(REQUIRED WORK) In the records below, find every line with the word "over" and copy it.

START DATA FOR REVIEW

(* Let $C_1$ be a positive squarefree integer and $q$ a prime. Let $(x, y, \alpha, p)$ be a solution in integers to \[ C_1x^2 + q^\alpha = y^p, \quad \gcd(C_1x, q, y) = 1, \quad x, y > 0, \quad \alpha > 0, \] with $y$ even and $p \ge 11$ prime. Let $\ell$ be a prime with $\ell = 2mp + 1$ for some integer $m > 0$ and $\ell \nmid 2qC_1y$. Let $\beta$ be the unique integer in $\{0, 1, \dots, 2p-1\}$ with $\beta \equiv \alpha \pmod{2p}$. Then there exists $\omega \in \{0, 1, \dots, \ell-1\}$ with \[ (C_1\omega^2 + q^\beta)^{2m} \equiv 1 \pmod \ell \] such that the reduction of $F_{x,\alpha}$ over $\mathbb{F}_\ell$ is either isomorphic to the curve \[ F_{\omega,\beta}/\mathbb{F}_\ell: Y^2 + XY = X^3 + \frac{C_1\omega - 1}{4}X^2 + \frac{C_1^2\omega^2 + C_1q^\beta}{64}X \] or to its quadratic twist by $q \bmod \ell$.
   Context: $F_{x,\alpha}$ is the elliptic curve over $\mathbb{Q}$ given by $Y^2 + XY = X^3 + \frac{C_1x-1}{4}X^2 + \frac{C_1^2x^2 + C_1q^\alpha}{64}X$. Coefficients of $F_{\omega,\beta}$ are interpreted in $\mathbb{F}_\ell$ (division by $4$ and $64$ being inversion modulo the odd prime $\ell$). *)

From HB Require Import structures.
From mathcomp Require Import all_boot all_order all_algebra.
Set Implicit Arguments. Unset Strict Implicit. Unset Printing Implicit Defensive.
Import Order.TTheory GRing.Theory Num.Theory.
Local Open Scope ring_scope.

Definition squarefree (n : nat) : Prop :=
  forall r : nat, prime r -> ~~ (r * r %| n)%N.

(* A (long) Weierstrass equation
   Y^2 + a1 XY + a3 Y = X^3 + a2 X^2 + a4 X + a6 over a field K. *)
Record wcurve (K : Type) := WCurve { wa1 : K; wa2 : K; wa3 : K; wa4 : K; wa6 : K }.

(* Isomorphism over K: an admissible change of variables
   X = u^2 X' + r, Y = u^3 Y' + s u^2 X' + t, with u <> 0, carrying E to E'
   (Silverman, Table 3.1). *)
Definition wc_iso (K : fieldType) (E E' : wcurve K) : Prop :=
  exists u r s t : K, u != 0 /\
    u * wa1 E' = wa1 E + 2 * s /\
    u ^+ 2 * wa2 E' = wa2 E - s * wa1 E + 3 * r - s ^+ 2 /\
    u ^+ 3 * wa3 E' = wa3 E + r * wa1 E + 2 * t /\
    u ^+ 4 * wa4 E' = wa4 E - s * wa3 E + 2 * r * wa2 E - (t + r * s) * wa1 E
                      + 3 * r ^+ 2 - 2 * s * t /\
    u ^+ 6 * wa6 E' = wa6 E + r * wa4 E + r ^+ 2 * wa2 E + r ^+ 3 - t * wa3 E
                      - t ^+ 2 - r * t * wa1 E.

(* Quadratic twist by d (for char K <> 2): E is isomorphic to
   Y^2 = X^3 + (b2/4) X^2 + (b4/2) X + b6/4 and its twist by d is
   Y^2 = X^3 + d (b2/4) X^2 + d^2 (b4/2) X + d^3 (b6/4). *)
Definition wc_twist (K : fieldType) (d : K) (E : wcurve K) : wcurve K :=
  let b2 := wa1 E ^+ 2 + 4 * wa2 E in
  let b4 := 2 * wa4 E + wa1 E * wa3 E in
  let b6 := wa3 E ^+ 2 + 4 * wa6 E in
  WCurve 0 (d * (b2 / 4)) 0 (d ^+ 2 * (b4 / 2)) (d ^+ 3 * (b6 / 4)).

(* The curve F : Y^2 + XY = X^3 + (C1 x - 1)/4 X^2 + (C1^2 x^2 + C1 Q)/64 X
   over a field K, where Q stands for q^alpha (resp. q^beta). *)
Definition Fcurve (K : fieldType) (C1 : nat) (x Q : K) : wcurve K :=
  WCurve 1 ((C1%:R * x - 1) / 4) 0
           ((C1%:R ^+ 2 * x ^+ 2 + C1%:R * Q) / 64) 0.

From HB Require Import structures.
From mathcomp Require Import all_boot all_order all_algebra finfield.
From mathcomp Require Import ring zify.
Set Implicit Arguments. Unset Strict Implicit. Unset Printing Implicit Defensive.
Import Order.TTheory GRing.Theory Num.Theory.
Local Open Scope ring_scope.

(* Write alpha = 2pk + beta and t = q^(pk), so that q^alpha = q^beta t^2, and
   take omega = x / t in F_l.  Then C1 omega^2 + q^beta = y^p / t^2, whose
   2m-th power is 1 by Fermat since 2mp = l - 1 divides both 2mp and 4mpk.
   The substitution (x, Q) = (omega t, q^beta t^2) is an isomorphism of
   F-curves when t = u^2 is a square, and lands on the twist by q when
   t = q u^2. *)

Section FcurveIsomorphisms.

Variables (K : fieldType) (C1 : nat).
Hypothesis two_neq0 : (2 : K) != 0.

Let four_neq0 : (4 : K) != 0.
Proof. by rewrite (natrM K 2 2) mulf_neq0. Qed.

Let sixtyfour_neq0 : (64 : K) != 0.
Proof. by rewrite (natrM K 16 4) (natrM K 4 4) !mulf_neq0. Qed.

Lemma Fcurve_iso_scale (x Q u : K) : u != 0 ->
  wc_iso (Fcurve C1 (x * u ^+ 2) (Q * u ^+ 4)) (Fcurve C1 x Q).
Proof.
move=> u_neq0; exists u, 0, ((u - 1) / 2), 0; rewrite /Fcurve /=.
by do ![split | field; rewrite ?two_neq0 ?four_neq0 ?sixtyfour_neq0 ?u_neq0].
Qed.

Lemma Fcurve_iso_twist (x Q d u : K) : d != 0 -> u != 0 ->
  wc_iso (Fcurve C1 (x * d * u ^+ 2) (Q * d ^+ 2 * u ^+ 4))
         (wc_twist d (Fcurve C1 x Q)).
Proof.
move=> d_neq0 u_neq0; exists u, 0, (- 1 / 2), 0; rewrite /wc_twist /Fcurve /=.
by do ![split | field; rewrite ?two_neq0 ?four_neq0 ?sixtyfour_neq0 ?u_neq0 ?d_neq0].
Qed.

Lemma Fcurve_iso_or_twist (x Q d : K) (n : nat) : d != 0 ->
  let E := Fcurve C1 (x * d ^+ n) (Q * (d ^+ n) ^+ 2) in
  wc_iso E (Fcurve C1 x Q) \/ wc_iso E (wc_twist d (Fcurve C1 x Q)).
Proof.
move=> d_neq0 E; have u_neq0 : d ^+ n./2 != 0 by rewrite expf_neq0.
rewrite /E -(odd_double_half n) -muln2 exprD exprM.
case: (odd n); rewrite ?expr1 ?expr0 ?mul1r.
- right; have := Fcurve_iso_twist x Q d_neq0 u_neq0.
  by congr (wc_iso (Fcurve _ _ _) _); ring.
- by left; rewrite -[(_ ^+ 2) ^+ 2]exprM; apply: Fcurve_iso_scale.
Qed.

End FcurveIsomorphisms.

Lemma expr_mod_double (R : pzSemiRingType) (a : R) (n r : nat) :
  a ^+ n = a ^+ (n %% (2 * r)) * (a ^+ (r * (n %/ (2 * r)))) ^+ 2.
Proof.
rewrite -exprM -exprD {1}(divn_eq n (2 * r)) addnC; congr (_ ^+ (_ + _)); lia.
Qed.

Section PrimeField.

Variable l : nat.
Hypothesis l_prime : prime l.

Lemma Fp_expf_pred (a : 'F_l) : a != 0 -> a ^+ l.-1 = 1.
Proof.
move=> a_neq0; apply: (mulfI a_neq0); rewrite mulr1 -exprS prednK ?prime_gt0 //.
by have := expf_card a; rewrite card_Fp.
Qed.

Lemma Fp_expf_pred_dvd (a : 'F_l) (n : nat) :
  a != 0 -> (l.-1 %| n)%N -> a ^+ n = 1.
Proof. by move=> a_neq0 /dvdnP[k ->]; rewrite mulnC exprM Fp_expf_pred // expr1n. Qed.

Lemma Fp_nat_eq_mod (a b : nat) : (a%:R = b%:R :> 'F_l) -> (a = b %[mod l])%N.
Proof. by move/(congr1 (@nat_of_ord _)); rewrite !val_Fp_nat. Qed.

Lemma Fp_ord_lt (a : 'F_l) : (a < l)%N.
Proof. by rewrite -[l in (_ < l)%N](Fp_cast l_prime). Qed.

End PrimeField.

Theorem lemma7p1 (C1 q x y alpha p l m : nat) :
  (0 < C1)%N -> squarefree C1 -> prime q ->
  (C1 * x ^ 2 + q ^ alpha = y ^ p)%N ->
  gcdn (gcdn (C1 * x) q) y = 1%N ->
  (0 < x)%N -> (0 < y)%N -> (0 < alpha)%N ->
  ~~ odd y -> prime p -> (11 <= p)%N ->
  prime l -> (0 < m)%N -> l = (2 * m * p + 1)%N ->
  ~~ (l %| 2 * q * C1 * y)%N ->
  let beta := (alpha %% (2 * p))%N in
  exists omega : nat, (omega < l)%N /\
    ((C1 * omega ^ 2 + q ^ beta) ^ (2 * m) = 1 %[mod l])%N /\
    (wc_iso (Fcurve C1 (x%:R : 'F_l) (q ^ alpha)%:R)
            (Fcurve C1 (omega%:R : 'F_l) (q ^ beta)%:R)
     \/
     wc_iso (Fcurve C1 (x%:R : 'F_l) (q ^ alpha)%:R)
            (wc_twist (q%:R : 'F_l) (Fcurve C1 (omega%:R : 'F_l) (q ^ beta)%:R))).
Proof.
move=> _ _ _ xy_eq _ _ _ _ _ _ _ l_prime _ lE l_ndvd beta.
have Fp_neq0 n : (n %| 2 * q * C1 * y)%N -> (n%:R : 'F_l) != 0.
  move=> n_dvd; rewrite -(dvdn_pcharf (pchar_Fp l_prime)).
  by apply: contra l_ndvd => /dvdn_trans; apply.
have two_neq0 : (2 : 'F_l) != 0 by apply/Fp_neq0/dvdn_mulr/dvdn_mulr/dvdn_mulr.
have q_neq0 : (q%:R : 'F_l) != 0 by apply/Fp_neq0/dvdn_mulr/dvdn_mulr/dvdn_mull.
have y_neq0 : (y%:R : 'F_l) != 0 by apply/Fp_neq0/dvdn_mull.
pose k := (alpha %/ (2 * p))%N; pose t : 'F_l := q%:R ^+ (p * k).
have qalphaE : ((q ^ alpha)%:R : 'F_l) = (q ^ beta)%:R * t ^+ 2.
  by rewrite !natrX [LHS](expr_mod_double _ _ p).
pose omega : nat := x%:R / t.
have omegaE : (omega%:R : 'F_l) * t = x%:R by rewrite natr_Zp divfK ?expf_neq0.
exists omega; split; first exact: Fp_ord_lt.
split; last by rewrite -omegaE qalphaE; apply: Fcurve_iso_or_twist.
have normE : ((C1 * omega ^ 2 + q ^ beta)%:R : 'F_l) = y%:R ^+ p / t ^+ 2.
  rewrite -natrX -xy_eq !natrD !natrM qalphaE !natrX -omegaE.
  by field; rewrite expf_neq0 ?expf_neq0.
apply: (Fp_nat_eq_mod l_prime); rewrite natrX normE expr_div_n /t -!exprM.
have lpredE : l.-1 = (2 * m * p)%N by rewrite lE addn1.
rewrite !Fp_expf_pred_dvd ?divr1 // lpredE; apply/dvdnP.
- by exists (2 * k)%N; lia.
- by exists 1%N; lia.
Qed.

END DATA FOR REVIEW

(EXERCISE ANSWER)
(* Let $C_1$ be a positive squarefree integer and $q$ a prime. Let $(x, y, \alpha, p)$ be a solution in integers to \[ C_1x^2 + q^\alpha = y^p, \quad \gcd(C_1x, q, y) = 1, \quad x, y > 0, \quad \alpha > 0, \] with $y$ even and $p \ge 11$ prime. Let $\ell$ be a prime with $\ell = 2mp + 1$ for some integer $m > 0$ and $\ell \nmid 2qC_1y$. Let $\beta$ be the unique integer in $\{0, 1, \dots, 2p-1\}$ with $\beta \equiv \alpha \pmod{2p}$. Then there exists $\omega \in \{0, 1, \dots, \ell-1\}$ with \[ (C_1\omega^2 + q^\beta)^{2m} \equiv 1 \pmod \ell \] such that the reduction of $F_{x,\alpha}$ over $\mathbb{F}_\ell$ is either isomorphic to the curve \[ F_{\omega,\beta}/\mathbb{F}_\ell: Y^2 + XY = X^3 + \frac{C_1\omega - 1}{4}X^2 + \frac{C_1^2\omega^2 + C_1q^\beta}{64}X \] or to its quadratic twist by $q \bmod \ell$.
   Context: $F_{x,\alpha}$ is the elliptic curve over $\mathbb{Q}$ given by $Y^2 + XY = X^3 + \frac{C_1x-1}{4}X^2 + \frac{C_1^2x^2 + C_1q^\alpha}{64}X$. Coefficients of $F_{\omega,\beta}$ are interpreted in $\mathbb{F}_\ell$ (division by $4$ and $64$ being inversion modulo the odd prime $\ell$). *)
   Y^2 + a1 XY + a3 Y = X^3 + a2 X^2 + a4 X + a6 over a field K. *)
(* Isomorphism over K: an admissible change of variables
   over a field K, where Q stands for q^alpha (resp. q^beta). *)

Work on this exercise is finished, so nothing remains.